The reply thread beneath that post filled with people attempting frameworks anyway. Phantom limb pain in reverse. The sensation of a sleeping limb waking, scaled to something beyond comparison. Feeling a sound you have only ever read about.
None of them were adequate and most of the people posting them said so.
A user who had been silent throughout the entire stream posted for the first time: My son lost both legs at nineteen. He’s thirty-four now. He’s watching this stream from his bedroom and he called me twenty minutes ago and neither of us could talk. We just stayed on the line.
The post accumulated six hundred thousand likes before the minute was out. The replies didn’t offer comfort or analysis. They were quiet in the way that things were quiet when nothing needed to be added.
The comment section had another moment of near-silence when Marco’s translation came through the audio feed.
He says he can feel them coming back.
The silence lasted perhaps four seconds — an eternity in the real-time scroll — and then it broke.
HE CAN FEEL THEM
the nerves. the nerves are connected. the nerves are already working.
He said coming BACK. Not growing. BACK. Like they were always supposed to be there and now they are.
A user posted a thread that spread faster than anything since the first deployment: Let me tell you what coming back means medically. The nerve pathway has to exist before sensation is possible. You can’t feel a limb you have no nerve connection to. The fact that he is feeling sensation means the nanites have already regenerated functional nerve tissue from the amputation site toward wherever the pathway terminated. In less than forty-eight hours. I need everyone to understand what that means. The nerve tissue is there. It exists. It is working. He can feel his legs.
The reply thread contained, among thousands of responses, a single line from a user who had not commented before and would not comment again: I have a spinal cord injury. I haven’t felt my legs in eleven years. I watched this post three times before I could type anything.
In a living room in Seoul, four people sat in front of a television.
A mother, a father, their adult daughter, and the daughter’s husband.
The daughter had been born with a condition that had defined her life in the specific way that congenital conditions defined lives.
She had applied for the trial and had not been selected.
The family had watched the stream together since the beginning, partly because watching together was better than watching alone, and partly because none of them had said they wanted to stop.
The daughter sat with her legs folded under her and her mother’s hand resting on her knee, and they watched Diego’s left leg build itself from the end point outward.
Nobody spoke for a long time. Then the daughter said, quietly, to no one and to everyone: “The next trial, hopefully.”
Her mother’s hand tightened on her knee.
“Yes,” her mother said. “The next trial.”

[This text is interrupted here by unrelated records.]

Definition within (G : sgraph) (k : nat) (x y : G) : Prop :=
  exists p : seq G, [/\ path (@adj G) x p, last x p = y & size p <= k].

(* diam(G) = d : d is the least k such that every pair is within distance k
   (if G is disconnected no such k exists: diameter infinite). *)
Definition diam_is (G : sgraph) (d : nat) : Prop :=
  (forall x y : G, within d x y) /\
  (forall k, k < d -> ~ (forall x y : G, within k x y)).

(* If G has a dominating vertex, its complement has an
   isolated vertex; such a graph is reconstructible since the degree of the
   deleted vertex can be read off the deck (Kelly), and a graph is
   reconstructible whenever its complement is.  If a pair of vertices
   dominates G, then gamma(G) = 2.  If two vertices are at distance at least
   3, they form an adjacent dominating pair of the complement, which is thus
   connected with domination number 2 (it has no dominating vertex because G
   has no isolated one).  Otherwise diam(G) = 2, and also diam(compl G) = 2:
   two vertices at distance at least 3 in the complement would dominate G. *)

From Stdlib Require Import Classical.
From mathcomp Require Import all_boot zify.
Set Implicit Arguments.
Unset Strict Implicit.
Unset Printing Implicit Defensive.

Lemma iso_sym (G H : sgraph) : iso G H -> iso H G.
Proof.
case=> f [[g fK gK] f_adj]; exists g; split; first by exists f.
by move=> x y; rewrite -f_adj !gK.
Qed.

Lemma iso_trans (G H K : sgraph) : iso G H -> iso H K -> iso G K.
Proof.
case=> f [f_bij f_adj] [g [g_bij g_adj]]; exists (g \o f).
by split=> [|x y /=]; [exact: bij_comp | rewrite g_adj f_adj].
Qed.

Lemma iso_compl (G H : sgraph) : iso G H -> iso (compl G) (compl H).
Proof.
case=> f [f_bij f_adj]; exists f; split=> // x y /=.
by rewrite /compl_adj f_adj (bij_eq f_bij).
Qed.

Lemma adj_compl_compl (G : sgraph) (x y : G) :
  @adj (compl (compl G)) x y = adj x y.
Proof.
rewrite /= /compl_adj /= /compl_adj.
by case: eqVneq => [->|_] /=; rewrite ?adj_irr ?negbK.
Qed.

Lemma iso_compl_compl (G : sgraph) : iso G (compl (compl G)).
Proof. by exists id; split=> [|x y]; [exists id | rewrite adj_compl_compl]. Qed.
(* Let $G\le\mathrm{Aut}(T)$ be a weakly branch group. Then the minimal compact $G$-spaces on which the $G$-action is faithful and micro-supported are exactly the highly proximal extensions of $\partial T$.
   Context: $T$ is a locally finite rooted tree, $\mathrm{Aut}(T)$ its root-fixing automorphisms, $\partial T$ its boundary (a compact $G$-space). $G$ is weakly branch if $T$ is infinite and spherically homogeneous, $G$ is transitive on each level, and for every vertex $v$ the subgroup of elements acting trivially outside the subtree below $v$ is non-trivial. An action of $G$ on a compact space $X$ is micro-supported if for every non-empty open $U\subset X$ the rigid stabilizer $\mathrm{Rist}_G(U)$ (elements fixing $X\setminus U$ pointwise) is non-trivial. A continuous surjective $G$-equivariant map $\pi:Y\to Z$ between compact $G$-spaces is a highly proximal extension if for every non-empty open $U\subseteq Y$ there exists $z\in Z$ with $\pi^{-1}(z)\subseteq U$; $Y$ is then a highly proximal extension of $Z$. *)

From HB Require Import structures.
From mathcomp Require Import all_boot all_order all_algebra.
From mathcomp Require Import all_classical all_reals all_analysis.
Set Implicit Arguments. Unset Strict Implicit. Unset Printing Implicit Defensive.
Local Open Scope classical_set_scope.

(* The spherically homogeneous rooted tree T_m with branching sequence m:     *)
(* vertices of level n are the words v = [:: v_0; ...; v_(n-1)] with          *)
(* v_i < m i; the root is [::]; the parent of a non-root v is belast-word      *)
(* take (size v).-1 v.  (Every infinite spherically homogeneous locally        *)
(* finite rooted tree is isomorphic to some T_m with m i > 0 for all i.)      *)

Definition vertex (m : nat -> nat) (v : seq nat) : Prop :=
  forall i, (i < size v)%N -> (nth 0%N v i < m i)%N.

Definition parent (v : seq nat) : seq nat := take (size v).-1 v.

(* Root-fixing automorphisms of T_m, represented as maps on words that are  *)
(* the identity off the vertex set (so that equality of automorphisms is     *)
(* plain equality of functions): a bijection of the vertex set fixing the    *)
(* root and commuting with the parent map (i.e. preserving the edges).       *)
Definition is_aut (m : nat -> nat) (g : seq nat -> seq nat) : Prop :=
  [/\ (forall v, ~ vertex m v -> g v = v),
      (forall v, vertex m v -> vertex m (g v)),
      (forall v, vertex m v -> exists2 w, vertex m w & g w = v),
      (forall v w, vertex m v -> vertex m w -> g v = g w -> v = w) &
      g [::] = [::] /\
      (forall v, vertex m v -> v <> [::] -> g (parent v) = parent (g v))].

Definition aut_subgroup (m : nat -> nat) (G : set (seq nat -> seq nat)) : Prop :=
  [/\ G `<=` is_aut m, G id,
      (forall g h, G g -> G h -> G (g \o h)) &
      (forall g, G g -> exists2 h, G h & h \o g = id /\ g \o h = id)].

Definition below (v w : seq nat) : Prop := take (size v) w = v.

Definition rist_vertex (m : nat -> nat) (G : set (seq nat -> seq nat))
    (v : seq nat) : set (seq nat -> seq nat) :=
  [set g | G g /\ forall w, vertex m w -> ~ below v w -> g w = w].

(* Weakly branch groups (T = T_m infinite: m i > 0 for all i). *)
Definition weakly_branch (m : nat -> nat) (G : set (seq nat -> seq nat)) : Prop :=
  [/\ aut_subgroup m G,
      (forall i, (0 < m i)%N),
      (forall u v, vertex m u -> vertex m v -> size u = size v ->
          exists2 g, G g & g u = v) &
      (forall v, vertex m v -> exists2 g, rist_vertex m G v g & g <> id)].

(* The boundary dT_m: the rays, i.e. sequences xi with xi i < m i, as a      *)
(* subspace of the product {ptws nat -> nat} (nat discrete).                 *)
Definition boundary (m : nat -> nat) : set {ptws nat -> nat} :=
  [set xi | forall i, (xi i < m i)%N].

Definition bact (g : seq nat -> seq nat) (xi : {ptws nat -> nat})
  : {ptws nat -> nat} := fun n => nth 0%N (g (mkseq xi n.+1)) n.

Definition is_Gspace (G : set (seq nat -> seq nat)) (X : topologicalType)
    (act : (seq nat -> seq nat) -> X -> X) : Prop :=
  [/\ hausdorff_space X, compact [set: X],
      (forall g, G g -> continuous (act g)),
      act id = id &
      (forall g h, G g -> G h -> act (g \o h) = act g \o act h)].

Definition faithful_action (G : set (seq nat -> seq nat)) (X : Type)
    (act : (seq nat -> seq nat) -> X -> X) : Prop :=
  forall g, G g -> act g = id -> g = id.

Definition minimal_action (G : set (seq nat -> seq nat)) (X : topologicalType)
    (act : (seq nat -> seq nat) -> X -> X) : Prop :=
  [set: X] !=set0 /\
  forall C : set X, closed C -> (forall g x, G g -> C x -> C (act g x)) ->
    C = set0 \/ C = setT.

Definition rist (G : set (seq nat -> seq nat)) (X : Type)
    (act : (seq nat -> seq nat) -> X -> X) (U : set X)
  : set (seq nat -> seq nat) :=
  [set g | G g /\ forall x, ~ U x -> act g x = x].

Definition micro_supported (G : set (seq nat -> seq nat)) (X : topologicalType)
    (act : (seq nat -> seq nat) -> X -> X) : Prop :=
  forall U : set X, open U -> U !=set0 -> exists2 g, rist G act U g & g <> id.

Definition highly_proximal_ext (m : nat -> nat) (G : set (seq nat -> seq nat))
    (X : topologicalType) (act : (seq nat -> seq nat) -> X -> X)
    (pi : X -> {ptws nat -> nat}) : Prop :=
  [/\ continuous pi,
      (forall x, boundary m (pi x)),
      (forall z, boundary m z -> exists x, pi x = z),
      (forall g x, G g -> pi (act g x) = bact g (pi x)) &
      (forall U : set X, open U -> U !=set0 ->
         exists2 z, boundary m z & pi @^-1` [set z] `<=` U)].

From HB Require Import structures.
From mathcomp Require Import all_boot all_order all_algebra.
From mathcomp Require Import all_classical all_reals all_analysis.
Local Open Scope classical_set_scope.
Set Implicit Arguments.

(* For a vertex v let S_v be the set of points of X moved by some element of
   the rigid stabiliser Rist_G(v); it is open. In a faithful micro-supported
   action every non-empty open W carries a non-trivial element of Rist_G(W)
   fixing a prescribed vertex (pigeonhole on the finite level of that vertex).
   Commutators with such elements localise elements of Rist_G(v): if S_v met S_w
   for distinct vertices v, w of the same level, two such steps would produce
   non-commuting elements of Rist_G(v) and Rist_G(w), although their supports in
   the tree are disjoint. By minimality the S_v of one level cover X, so every x
   lies in exactly one S_v per level; these vertices form a ray pi(x), and
   pi : X -> dT is continuous, equivariant, onto (its image is compact and meets
   every cylinder), and highly proximal, since a non-trivial element of
   Rist_G(U) moving a vertex u pushes pi^-1(cylinder of u) into U.
   Conversely, for a highly proximal extension pi, level transitivity makes
   pi(C) meet every cylinder, so pi(C) = dT for every non-empty closed invariant
   C, and C meets the fibre that lies in any given open set; Rist_G(v) fixes
   every point whose image avoids the cylinder of v, which gives
   micro-support; faithfulness is inherited from dT. *)

Lemma take_mkseq (T : Type) (f : nat -> T) k n : take k (mkseq f n) = mkseq f (minn k n).
Proof. by rewrite -map_take take_iota. Qed.

Definition cylinder (v : seq nat) : set {ptws nat -> nat} :=
  [set xi | mkseq xi (size v) = v].

Section Tree.
Variable m : nat -> nat.

Lemma vertex_take v j : vertex m v -> vertex m (take j v).
Proof.
move=> hv i; rewrite size_take_min leq_min => /andP[hj hi].
by rewrite nth_take //; apply: hv.
Qed.

Lemma vertex_nil : vertex m [::].
Proof. by []. Qed.

Lemma vertex_nseq0 n : (forall i, (0 < m i)%N) -> vertex m (nseq n 0%N).
Proof. by move=> m_gt0 i; rewrite size_nseq => hi; rewrite nth_nseq hi. Qed.
(* Let $N \in \mathbb{R}^{n \times r}$, $V \in \mathbb{R}^{r \times n}$, and for $\kappa\in\mathbb{R}^r_+$ let $f_\kappa\colon\mathbb{R}^n_+\to\mathbb{R}^n$, $f_\kappa(x) = N_\kappa x^V$. Let $S = \mathrm{im}(N)$ and $s = \mathrm{rank}(N)$. The following are equivalent: (inj) for all $\kappa\in\mathbb{R}^r_+$ and all $x'\in\mathbb{R}^n_+$, $f_\kappa$ is injective on $(x'+S)\cap\mathbb{R}^n_+$; (jac) for all $\kappa \in \mathbb{R}^r_+$ and $x \in \mathbb{R}^n_+$, the Jacobian matrix $J_{f_\kappa}(x)$ is injective on $S$; (min) for all $I\subseteq [n]$, $J\subseteq [r]$ of cardinality $s$, the product $\det(N_{I,J}) \det(V_{J,I})$ either is zero or has the same sign as all other nonzero such products, and at least one such product is nonzero; (sig) $\sigma(\ker(N)) \cap \sigma(V(\Sigma(S^* ))) = \emptyset$.
   Context: $\mathbb{R}_+$ denotes the strictly positive reals. $(x^V)_j=\prod_i x_i^{v_{ji}}$ (real exponents), $N_\kappa=N\,\mathrm{diag}(\kappa)$, $[n]=\{1,\dots,n\}$, $M_{K,L}$ is the submatrix with rows in $K$ and columns in $L$. $\sigma$ is the componentwise sign vector; for $T\subseteq\mathbb{R}^k$, $\sigma(T)=\{\sigma(x)\mid x\in T\}$ and $\Sigma(T)=\sigma^{-1}(\sigma(T))$; $S^*=S\setminus\{0\}$; $V(T)=\{Vx\mid x\in T\}$. *)

From HB Require Import structures.
From Stdlib Require Import Reals Lra.
From Stdlib Require Import Classical ClassicalEpsilon FunctionalExtensionality.
From mathcomp Require Import all_boot all_algebra.

Set Implicit Arguments.
Unset Strict Implicit.
Unset Printing Implicit Defensive.

Local Open Scope R_scope.

Definition Req_bool (x y : R) : bool := if Req_EM_T x y then true else false.

Lemma Req_boolP : Equality.axiom Req_bool.
Proof. move=> x y; rewrite /Req_bool; case: Req_EM_T => H; by constructor. Qed.

HB.instance Definition _ := hasDecEq.Build R Req_boolP.

Definition R_find (P : pred R) (n : nat) : option R :=
  match excluded_middle_informative (exists x, P x) with
  | left H => Some (proj1_sig (constructive_indefinite_description _ H))
  | right _ => None
  end.

Lemma R_find_correct P n x : R_find P n = Some x -> P x.
Proof.
rewrite /R_find; case: excluded_middle_informative => // H [<-].
exact: proj2_sig (constructive_indefinite_description _ H).
Qed.

Lemma R_find_complete (P : pred R) : (exists x, P x) -> exists n, R_find P n.
Proof.
move=> H; exists 0%N; rewrite /R_find; case: excluded_middle_informative => //.
Qed.

Lemma R_find_ext (P Q : pred R) : P =1 Q -> R_find P =1 R_find Q.
Proof. move=> /functional_extensionality -> //. Qed.

HB.instance Definition _ :=
  hasChoice.Build R R_find_correct R_find_complete R_find_ext.

Lemma R_addA : associative Rplus. Proof. move=> *; ring. Qed.
Lemma R_addC : commutative Rplus. Proof. move=> *; ring. Qed.
Lemma R_add0 : left_id 0 Rplus. Proof. move=> *; ring. Qed.
Lemma R_addN : left_inverse 0 Ropp Rplus. Proof. move=> *; ring. Qed.

HB.instance Definition _ := GRing.isZmodule.Build R R_addA R_addC R_add0 R_addN.

Lemma R_mulA : associative Rmult. Proof. move=> *; ring. Qed.
Lemma R_mulC : commutative Rmult. Proof. move=> *; ring. Qed.
Lemma R_mul1 : left_id 1 Rmult. Proof. move=> *; ring. Qed.
Lemma R_mulDl : left_distributive Rmult Rplus. Proof. move=> *; ring. Qed.
Lemma R_one_neq0 : ((1:R) != (0:R)).
Proof. apply/eqP; exact R1_neq_R0. Qed.

HB.instance Definition _ :=
  GRing.Zmodule_isComNzRing.Build R R_mulA R_mulC R_mul1 R_mulDl R_one_neq0.

Definition R_inv (x : R) : R := if Req_EM_T x 0 then 0 else Rinv x.

Lemma R_mulV (x : R) : x != 0 -> GRing.mul (R_inv x) x = 1.
Proof.
move=> /eqP H; rewrite /R_inv.
destruct (Req_EM_T x 0) as [E|E]; first by [].
change (Rmult (Rinv x) x = 1); field; exact E.
Qed.

Lemma R_inv0 : R_inv 0 = 0.
Proof. by rewrite /R_inv; case: Req_EM_T. Qed.

HB.instance Definition _ := GRing.ComNzRing_isField.Build R R_mulV R_inv0.

Local Open Scope ring_scope.

Definition positive (k : nat) (x : 'cV[R]_k) : Prop :=
  forall i, Rlt R0 (x i 0).

Definition monom (n r : nat) (V : 'M[R]_(r, n)) (x : 'cV[R]_n) : 'cV[R]_r :=
  \col_j \prod_(i < n) Rpower (x i 0) (V j i).

Definition Nkappa (n r : nat) (N : 'M[R]_(n, r)) (kappa : 'cV[R]_r) : 'M[R]_(n, r) :=
  N *m diag_mx kappa^T.

Definition fk (n r : nat) (N : 'M[R]_(n, r)) (V : 'M[R]_(r, n))
  (kappa : 'cV[R]_r) (x : 'cV[R]_n) : 'cV[R]_n :=
  Nkappa N kappa *m monom V x.

Definition imN (n r : nat) (N : 'M[R]_(n, r)) (v : 'cV[R]_n) : Prop :=
  exists w : 'cV[R]_r, v = N *m w.

Definition kerN (n r : nat) (N : 'M[R]_(n, r)) (u : 'cV[R]_r) : Prop :=
  N *m u = 0.
(* Let $\underline c<\overline c$ and $\underline s<\overline s$ be real numbers and write $\phi(c,s)=\sqrt{c^2+s^2}$. Suppose $$\phi(\overline c,\overline s)+\phi(\underline c,\underline s)-\phi(\overline c,\underline s)-\phi(\underline c,\overline s)<0.$$ Define $\eta^3=\frac{\phi(\overline c,\underline s)-\phi(\underline c,\underline s)}{\overline c-\underline c}$, $\delta^3=\frac{\phi(\underline c,\overline s)-\phi(\underline c,\underline s)}{\overline s-\underline s}$, $\nu^3=\phi(\underline c,\underline s)-\eta^3\underline c-\delta^3\underline s$, and $\eta^4=\frac{\phi(\overline c,\overline s)-\phi(\underline c,\overline s)}{\overline c-\underline c}$, $\delta^4=\frac{\phi(\overline c,\overline s)-\phi(\overline c,\underline s)}{\overline s-\underline s}$, $\nu^4=\phi(\overline c,\overline s)-\eta^4\overline c-\delta^4\overline s$. Then for $n=3,4$ and all $(c,s)\in[\underline c,\overline c]\times[\underline s,\overline s]$ we have $\nu^n+\eta^n c+\delta^n s\ge \sqrt{c^2+s^2}$. *)

From Stdlib Require Import Reals.
Open Scope R_scope.

Definition phi (c s : R) : R := sqrt (c ^ 2 + s ^ 2).

(* [phi] is the Euclidean norm, hence convex.  Convexity along the two
   coordinate directions bounds [phi] on the rectangle by the bilinear
   interpolation [B] of its four corner values.  Writing [c], [s] in affine
   coordinates [a], [b] in [0,1], the plane [n = 3] equals [B - a b D] and the
   plane [n = 4] equals [B - (1-a)(1-b) D], where [D < 0] is the mixed
   difference of the hypothesis; both therefore dominate [B >= phi]. *)

From Stdlib Require Import Reals Lra Psatz.
Open Scope R_scope.

Definition bilerp (p00 p01 p10 p11 a b : R) : R :=
  (1 - a) * ((1 - b) * p00 + b * p01) + a * ((1 - b) * p10 + b * p11).

Lemma sqrt_le_of_le_pow2 (x y : R) : 0 <= y -> x <= y ^ 2 -> sqrt x <= y.
Proof.
  intros hy hx. rewrite <- (sqrt_pow2 y hy). now apply sqrt_le_1_alt.
Qed.

Lemma phi_pow2 (x y : R) : phi x y ^ 2 = x ^ 2 + y ^ 2.
Proof. apply pow2_sqrt. nra. Qed.

Lemma phi_cauchy (x1 y1 x2 y2 : R) :
  x1 * x2 + y1 * y2 <= phi x1 y1 * phi x2 y2.
Proof. unfold phi. rewrite <- !Rsqr_pow2. apply sqrt_cauchy. Qed.

Lemma phi_convex (t x1 y1 x2 y2 : R) : 0 <= t <= 1 ->
  phi ((1 - t) * x1 + t * x2) ((1 - t) * y1 + t * y2)
  <= (1 - t) * phi x1 y1 + t * phi x2 y2.
Proof.
  intros ht.
  pose proof (phi_pow2 x1 y1). pose proof (phi_pow2 x2 y2).
  pose proof (sqrt_pos (x1 ^ 2 + y1 ^ 2)). pose proof (sqrt_pos (x2 ^ 2 + y2 ^ 2)).
  pose proof (phi_cauchy x1 y1 x2 y2).
  unfold phi at 1. fold (phi x1 y1) (phi x2 y2) in *.
  apply sqrt_le_of_le_pow2; [nra|].
  assert (0 <= t * (1 - t) * (phi x1 y1 * phi x2 y2 - (x1 * x2 + y1 * y2)))
    by (apply Rmult_le_pos; nra).
  nra.
Qed.

Lemma phi_le_bilerp (cl cu sl su a b : R) : 0 <= a <= 1 -> 0 <= b <= 1 ->
  phi ((1 - a) * cl + a * cu) ((1 - b) * sl + b * su)
  <= bilerp (phi cl sl) (phi cl su) (phi cu sl) (phi cu su) a b.
Proof.
  intros ha hb. set (s := (1 - b) * sl + b * su).
  assert (hrow : forall c, phi c s <= (1 - b) * phi c sl + b * phi c su).
  { intros c. unfold s.
    replace c with ((1 - b) * c + b * c) at 1 by ring. now apply phi_convex. }
  pose proof (hrow cl). pose proof (hrow cu).
  pose proof (phi_convex a cl s cu s ha) as hcol.
  replace ((1 - a) * s + a * s) with s in hcol by ring.
  unfold bilerp. nra.
Qed.

Lemma segment_affine_param (l u x : R) : l < u -> l <= x <= u ->
  exists a, 0 <= a <= 1 /\ x = (1 - a) * l + a * u.
Proof.
  intros hlu hx. set (a := (x - l) / (u - l)).
  assert (e : x - l = a * (u - l)) by (unfold a; field; lra).
  exists a. repeat split; nra.
Qed.

Theorem proposition4 (cl cu sl su : R) (hc : cl < cu) (hs : sl < su)
  (hneg : phi cu su + phi cl sl - phi cu sl - phi cl su < 0) :
  let eta3 := (phi cu sl - phi cl sl) / (cu - cl) in
  let delta3 := (phi cl su - phi cl sl) / (su - sl) in
  let nu3 := phi cl sl - eta3 * cl - delta3 * sl in
  let eta4 := (phi cu su - phi cl su) / (cu - cl) in
  let delta4 := (phi cu su - phi cu sl) / (su - sl) in
  let nu4 := phi cu su - eta4 * cu - delta4 * su in
  (forall c s : R, cl <= c <= cu -> sl <= s <= su ->
     nu3 + eta3 * c + delta3 * s >= sqrt (c ^ 2 + s ^ 2)) /\
  (forall c s : R, cl <= c <= cu -> sl <= s <= su ->
     nu4 + eta4 * c + delta4 * s >= sqrt (c ^ 2 + s ^ 2)).
Proof.
  intros eta3 delta3 nu3 eta4 delta4 nu4.
  set (D := phi cu su + phi cl sl - phi cu sl - phi cl su) in hneg.
  set (B := bilerp (phi cl sl) (phi cl su) (phi cu sl) (phi cu su)).
  split; intros c s hcI hsI;
    destruct (segment_affine_param cl cu c hc hcI) as [a [ha ->]];
    destruct (segment_affine_param sl su s hs hsI) as [b [hb ->]];
    pose proof (phi_le_bilerp cl cu sl su a b ha hb) as hB;
    fold B in hB; unfold phi at 1 in hB; apply Rle_ge.
  - assert (hplane : nu3 + eta3 * ((1 - a) * cl + a * cu)
                     + delta3 * ((1 - b) * sl + b * su) = B a b - a * b * D)
      by (unfold nu3, eta3, delta3, B, bilerp, D; field; lra).
    rewrite hplane. assert (0 <= a * b * - D) by (apply Rmult_le_pos; nra). lra.
  - assert (hplane : nu4 + eta4 * ((1 - a) * cl + a * cu)
                     + delta4 * ((1 - b) * sl + b * su)
                     = B a b - (1 - a) * (1 - b) * D)
      by (unfold nu4, eta4, delta4, B, bilerp, D; field; lra).
    rewrite hplane.
    assert (0 <= (1 - a) * (1 - b) * - D) by (apply Rmult_le_pos; nra). lra.
Qed.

The comment section did not slow.
If anything, it accelerated past the first deployment’s peak as the tissue construction became more visible, as the shape of the knee became unmistakable, as the viewers who had been watching for two days called their families and the viewer count climbed and climbed.
I called my mother. She’s watching now.
My entire floor of the hospital is watching on someone’s phone. Surgeons, nurses, orderlies, a patient who walked out of their room because they heard us.
I have no medical training. I have no scientific background. I have been watching this man for two days and I feel like I am watching something that the word miracle was invented to describe and has never actually been appropriate for until now.
A user posted: Diego consented to the livestream because he wanted people to see. I keep thinking about that. He made a specific choice to be witnessed. He wanted this moment to be shared. He is lying on a bed on the moon watching his legs come back and he chose to let six billion people watch with him. That choice is part of what we’re watching. It belongs to the image as much as anything else.
Someone replied: He said he wanted people to see. I think he’s giving us something.